[python] 값이 목록에 있는지 확인하는 가장 빠른 방법

값이 목록 (수백만 개의 값이 포함 된 목록)에 존재하고 그 색인이 무엇인지 아는 가장 빠른 방법은 무엇입니까?

이 예제와 같이 목록의 모든 값이 고유하다는 것을 알고 있습니다.

내가 시도하는 첫 번째 방법은 (실제 코드에서 3.8 초)입니다.

a = [4,2,3,1,5,6]

if a.count(7) == 1:
    b=a.index(7)
    "Do something with variable b"

두 번째 방법은 (2 배 빠름 : 실제 코드의 경우 1.9 초)입니다.

a = [4,2,3,1,5,6]

try:
    b=a.index(7)
except ValueError:
    "Do nothing"
else:
    "Do something with variable b"

Stack Overflow 사용자가 제안한 방법 (실제 코드의 경우 2.74 초) :

a = [4,2,3,1,5,6]
if 7 in a:
    a.index(7)

내 실제 코드에서 첫 번째 방법은 3.81 초가 걸리고 두 번째 방법은 1.88 초가 걸립니다. 좋은 개선이지만 다음과 같습니다.

저는 Python / 스크립트를 사용하는 초보자이며 동일한 작업을 수행하고 처리 시간을 단축하는 더 빠른 방법이 있습니까?

내 응용 프로그램에 대한 더 구체적인 설명 :

Blender API에서 파티클 목록에 액세스 할 수 있습니다.

particles = [1, 2, 3, 4, etc.]

거기서 파티클의 위치에 접근 할 수 있습니다 :

particles[x].location = [x,y,z]

그리고 각 입자에 대해 다음과 같이 각 입자 위치를 검색하여 이웃이 존재하는지 테스트합니다.

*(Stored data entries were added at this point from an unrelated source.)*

(* The following are theorems of $\mathbf{LEL}$ (for all $a\in\mathbf{A}$, variables $x,y$, $p\in\mathbf{P}$, formulas $\phi$, sentences $\alpha$, and strings $\vec{x}$ of variables and $\vec{a}$ of agents of equal length): (1) $[x:=a]\phi\leftrightarrow[y:=a]\phi[y/x]$, provided $y$ does not occur in $\phi$; (2) $[\vec{x}:=\vec{a}](\mathsf{K}_{\vec{x}}\alpha\to\mathsf{K}_{\vec{x}}[\vec{x}:=\vec{a}]\mathsf{K}_{\vec{x}}\alpha)$; (3) $[x:=a](\neg p_x\to\mathsf{K}_{x}[x:=a]\neg p_x)$.
   Context: Fix a nonempty finite set $\mathbf{A}$ of agents, a countable set $\mathbf{X}$ of variables disjoint from $\mathbf{A}$, and a countable set $\mathbf{P}$ of predicate letters. Formulas and free variables are defined simultaneously: $\phi ::= p_x \mid \top \mid \neg\phi \mid (\phi\wedge\phi) \mid [x:=a]\phi \mid \mathsf{K}_X\alpha$ ($p\in\mathbf{P}$, $x\in\mathbf{X}$, $a\in\mathbf{A}$, $X\subseteq\mathbf{X}$ finite possibly empty, $\alpha$ a formula with no free variables), $FV(p_x)=\{x\}$, $FV(\top)=\emptyset$, $FV(\neg\phi)=FV(\phi)$, $FV(\phi\wedge\psi)=FV(\phi)\cup FV(\psi)$, $FV([x:=a]\phi)=FV(\phi)\setminus\{x\}$, $FV(\mathsf{K}_X\alpha)=X$. Sentences are formulas without free variables. $\bot:=\neg\top$, other Booleans as usual, $\langle x:=a\rangle\phi:=\neg[x:=a]\neg\phi$, $\widehat{\mathsf{K}}_X\alpha:=\neg\mathsf{K}_X\neg\alpha$. $\phi[y/x]$ denotes the result of replacing all free occurrences of $x$ in $\phi$ by $y$ (including in the index sets $X$ of subformulas $\mathsf{K}_X\alpha$); it is admissible if $x$ has no free occurrence in $\phi$ within the scope of an operator $[y:=b]$, $b\in\mathbf{A}$. For $\vec{x}=x_1,\dots,x_n$ and $\vec{a}=a_1,\dots,a_n$, $[\vec{x}:=\vec{a}]\phi$ abbreviates $[x_1:=a_1]\cdots[x_n:=a_n]\phi$ (just $\phi$ if $n=0$), $\{\vec x\}=\{x_1,\dots,x_n\}$, $\{\vec a\}=\{a_1,\dots,a_n\}$, $\mathsf{K}_{\vec{x}}\alpha:=\mathsf{K}_{\{\vec{x}\}}\alpha$, and $\mathsf{K}_x:=\mathsf{K}_{\{x\}}$. The system $\mathbf{LEL}$ has axioms: all propositional tautologies; $\mathsf{K}_X(\alpha\to\beta)\to(\mathsf{K}_X\alpha\to\mathsf{K}_X\beta)$; $\mathsf{K}_X\alpha\to\mathsf{K}_Y\alpha$ for $X\subseteq Y$; $[x:=a](\phi\to\psi)\to([x:=a]\phi\to[x:=a]\psi)$; $\langle x:=a\rangle\phi\to[x:=a]\phi$; $\phi\to[x:=a]\phi$ for $x\notin FV(\phi)$; $[y:=a]([x:=a]\phi\to\phi[y/x])$ for admissible $\phi[y/x]$; $[x:=a][y:=b]\phi\to[y:=b][x:=a]\phi$ for $x\neq y$; $\bigwedge_{a\in\mathbf{A}}[x:=a]\phi\to\phi$; $\mathsf{K}_X\alpha\to\alpha$; $[\vec{x}:=\vec{a}](\neg\mathsf{K}_{\vec{x}}\alpha\to\mathsf{K}_{\vec{x}}[\vec{x}:=\vec{a}]\neg\mathsf{K}_{\vec{x}}\alpha)$; $[x:=a]\mathsf{K}_{x}\langle x:=a\rangle\top$; $[x:=a](p_x\to\mathsf{K}_{x}[x:=a]p_x)$; $[\vec{x}:=\vec{a}](\bigwedge_{b\in B}[x:=b]\bot\to\mathsf{K}_{\vec{x}}\bigwedge_{b\in B}[x:=b]\bot)$ where $B=\mathbf{A}\setminus\{\vec{a}\}$. Rules: modus ponens; from $\alpha$ infer $\mathsf{K}_\emptyset\alpha$ ($\alpha$ a sentence); from $\phi$ infer $[x:=a]\phi$. (Here $\alpha,\beta$ range over sentences, $\phi,\psi$ over formulas.) *)

From HB Require Import structures.
From mathcomp Require Import all_boot.
From mathcomp Require Import finmap.

Set Implicit Arguments.
Unset Strict Implicit.
Unset Printing Implicit Defensive.

Local Open Scope fset_scope.

Section LEL.
Variables (A : finType) (X : countType) (P : countType).

(* Raw syntax.  K Z a is K_S a; well-formedness (a must be a sentence)
   is imposed by [wf] below. *)
Inductive form : Type :=
  | Pred   of P & X
  | Top
  | Neg    of form
  | And    of form & form
  | Assign of X & A & form
  | Kn     of {fset X} & form.

Fixpoint FV (f : form) : {fset X} :=
  match f with
  | Pred _ x => [fset x]
  | Top => fset0
  | Neg g => FV g
  | And g h => FV g `|` FV h
  | Assign x _ g => FV g `\ x
  | Kn Z _ => Z
  end.

Fixpoint wf (f : form) : bool :=
  match f with
  | Pred _ _ | Top => true
  | Neg g => wf g
  | And g h => wf g && wf h
  | Assign _ _ g => wf g
  | Kn _ g => wf g && (FV g == fset0)
  end.

Definition sentence (f : form) : bool := wf f && (FV f == fset0).

Fixpoint occurs (y : X) (f : form) : bool :=
  match f with
  | Pred _ x => x == y
  | Top => false
  | Neg g => occurs y g
  | And g h => occurs y g || occurs y h
  | Assign z _ g => (z == y) || occurs y g
  | Kn Z g => (y \in Z) || occurs y g
  end.

Definition subst_set (y x : X) (Z : {fset X}) : {fset X} :=
  if x \in Z then (Z `\ x) `|` [fset y] else Z.

Fixpoint subst (y x : X) (f : form) : form :=
  match f with
  | Pred p z => Pred p (if z == x then y else z)
  | Top => Top
  | Neg g => Neg (subst y x g)
  | And g h => And (subst y x g) (subst y x h)
  | Assign z a g => if z == x then Assign z a g else Assign z a (subst y x g)
  | Kn Z g => Kn (subst_set y x Z) g
  end.

(* f[y/x] is admissible: x has no free occurrence in f within the scope
   of an operator [y := b] *)
Fixpoint admissible (y x : X) (f : form) : bool :=
  match f with
  | Pred _ _ | Top | Kn _ _ => true
  | Neg g => admissible y x g
  | And g h => admissible y x g && admissible y x h
  | Assign z _ g =>
      if z == x then true
      else if z == y then x \notin FV g
      else admissible y x g
  end.

Definition Bot := Neg Top.
Definition Imp (f g : form) := Neg (And f (Neg g)).
Definition Iff (f g : form) := And (Imp f g) (Imp g f).
Definition Dia (x : X) (a : A) (f : form) := Neg (Assign x a (Neg f)).
Definition bigAnd (fs : seq form) := foldr And Top fs.

Definition massign (xs : seq X) (ags : seq A) (f : form) : form :=
  foldr (fun p g => Assign p.1 p.2 g) f (zip xs ags).
Definition Kv (xs : seq X) (f : form) := Kn [fset x | x in xs] f.
Definition K1 (x : X) (f : form) := Kn [fset x] f.

(* propositional tautologies: true under every assignment of truth values
   to the maximal non-Boolean subformulas *)
Fixpoint peval (v : form -> bool) (f : form) : bool :=
  match f with
  | Top => true
  | Neg g => ~~ peval v g
  | And g h => peval v g && peval v h
  | _ => v f
  end.
Definition tautology (f : form) : Prop := forall v, peval v f.

Inductive axiom : form -> Prop :=
  | ax_taut f : tautology f -> axiom f
  | ax_K Z al be : sentence al -> sentence be ->
      axiom (Imp (Kn Z (Imp al be)) (Imp (Kn Z al) (Kn Z be)))
  | ax_mono Z Z2 al : sentence al -> Z `<=` Z2 ->
      axiom (Imp (Kn Z al) (Kn Z2 al))
  | ax_Kassign x a f g :
      axiom (Imp (Assign x a (Imp f g)) (Imp (Assign x a f) (Assign x a g)))
  | ax_func x a f : axiom (Imp (Dia x a f) (Assign x a f))
  | ax_vac x a f : x \notin FV f -> axiom (Imp f (Assign x a f))
  | ax_subst x y a f : admissible y x f ->
      axiom (Assign y a (Imp (Assign x a f) (subst y x f)))
  | ax_comm x y a b f : x != y ->
      axiom (Imp (Assign x a (Assign y b f)) (Assign y b (Assign x a f)))
  | ax_cover x f :
      axiom (Imp (bigAnd [seq Assign x a f | a <- enum A]) f)
  | ax_T Z al : sentence al -> axiom (Imp (Kn Z al) al)
  | ax_negintro xs ags al : size xs = size ags -> sentence al ->
      axiom (massign xs ags
               (Imp (Neg (Kv xs al))
                    (Kv xs (massign xs ags (Neg (Kv xs al))))))
  | ax_selfid x a : axiom (Assign x a (K1 x (Dia x a Top)))
  | ax_posintro x a p :
      axiom (Assign x a (Imp (Pred p x) (K1 x (Assign x a (Pred p x)))))
  | ax_absent xs ags x : size xs = size ags ->
      let B := [seq b <- enum A | b \notin ags] in
      let F := bigAnd [seq Assign x b Bot | b <- B] in
      axiom (massign xs ags (Imp F (Kv xs F))).

Inductive derivable : form -> Prop :=
  | d_ax f : axiom f -> wf f -> derivable f
  | d_mp f g : derivable (Imp f g) -> derivable f -> derivable g
  | d_nec al : sentence al -> derivable al -> derivable (Kn fset0 al)
  | d_gen x a f : derivable f -> derivable (Assign x a f).

End LEL.

Arguments Pred {A X P}.
Arguments Top {A X P}.
Arguments Bot {A X P}.

(* Iterated assignments [l] are normal modal operators, so every
   tautology can be used under them.  For (1), the substitution axiom gives
   [y:=a]([x:=a]phi -> phi[y/x]), and [x:=a]phi -> [y:=a][x:=a]phi holds by
   vacuity; the converse is the same argument for phi[y/x], since the renaming
   can be undone when y is fresh.  Parts (2) and (3) are instances of one
   transfer principle: if beta satisfies introspection
   [l](beta -> K[l]beta), then so does ~beta.  Indeed [l]([l]beta -> beta)
   and the T axiom give [l](~beta -> ~K[l]beta); negative introspection turns
   this into K[l]~K[l]beta, and [l]~K[l]beta -> [l]~beta follows from the
   hypothesis by contraposition.  (3) is the transfer of the positive
   introspection axiom for p_x, and (2) the transfer of negative introspection
   for ~K alpha. *)

From Pilot Require Import Defs.
From mathcomp Require Import all_boot finmap.

Set Implicit Arguments.
Unset Strict Implicit.
Unset Printing Implicit Defensive.

Local Open Scope fset_scope.

Section Substitution.
Variables (A : finType) (X : countType) (P : countType).
Implicit Types (phi : form A X P) (x y : X).

Lemma subst_set_id x Z : subst_set x x Z = Z.
Proof.
rewrite /subst_set; case: ifP => // Zx; apply/fsetP => z.
by rewrite in_fsetU in_fsetD1 in_fset1; case: (z =P x) => [->|] //=; rewrite orbF.
Qed.

Lemma subst_id x phi : subst x x phi = phi.
Proof.
elim: phi => [p z| |g IH|g IHg h IHh|z b g IH|Z g IH] //=.
- by case: eqP => [->|].
- by rewrite IH.
- by rewrite IHg IHh.
- by case: eqP => // _; rewrite IH.
- by rewrite subst_set_id.
Qed.

Lemma admissible_id x phi : admissible x x phi.
Proof.
elim: phi => [p z| |g IH|g IHg h IHh|z b g IH|Z g IH] //=.
- by rewrite IHg IHh.
- by case: eqP.
Qed.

if [x+1,y,z] in particles.location
    "Find the identity of this neighbour particle in x:the particle's index
    in the array"
    particles.index([x+1,y,z])

답변

7 in a

가장 명확하고 빠른 방법입니다.

을 사용하는 것도 고려할 수 set있지만 목록에서 해당 세트를 구성하면 멤버쉽 테스트 시간이 단축되는 것보다 시간이 더 걸릴 수 있습니다. 확신 할 수있는 유일한 방법은 벤치 마크를 잘하는 것입니다. (또한 필요한 작업에 따라 다릅니다)

답변

다른 사람들이 말했듯이 in큰 목록의 경우 속도가 매우 느릴 수 있습니다. in, set및 의 성능을 몇 가지 비교합니다 bisect. 시간 (초)은 로그 스케일입니다.

테스트 코드 :

import random
import bisect
import matplotlib.pyplot as plt
import math
import time

def method_in(a,b,c):
    start_time = time.time()
    for i,x in enumerate(a):
        if x in b:
            c[i] = 1
    return(time.time()-start_time)

def method_set_in(a,b,c):
    start_time = time.time()
    s = set(b)
    for i,x in enumerate(a):
        if x in s:
            c[i] = 1
    return(time.time()-start_time)

def method_bisect(a,b,c):
    start_time = time.time()
    b.sort()
    for i,x in enumerate(a):
        index = bisect.bisect_left(b,x)
        if index < len(a):
            if x == b[index]:
                c[i] = 1
    return(time.time()-start_time)

def profile():
    time_method_in = []
    time_method_set_in = []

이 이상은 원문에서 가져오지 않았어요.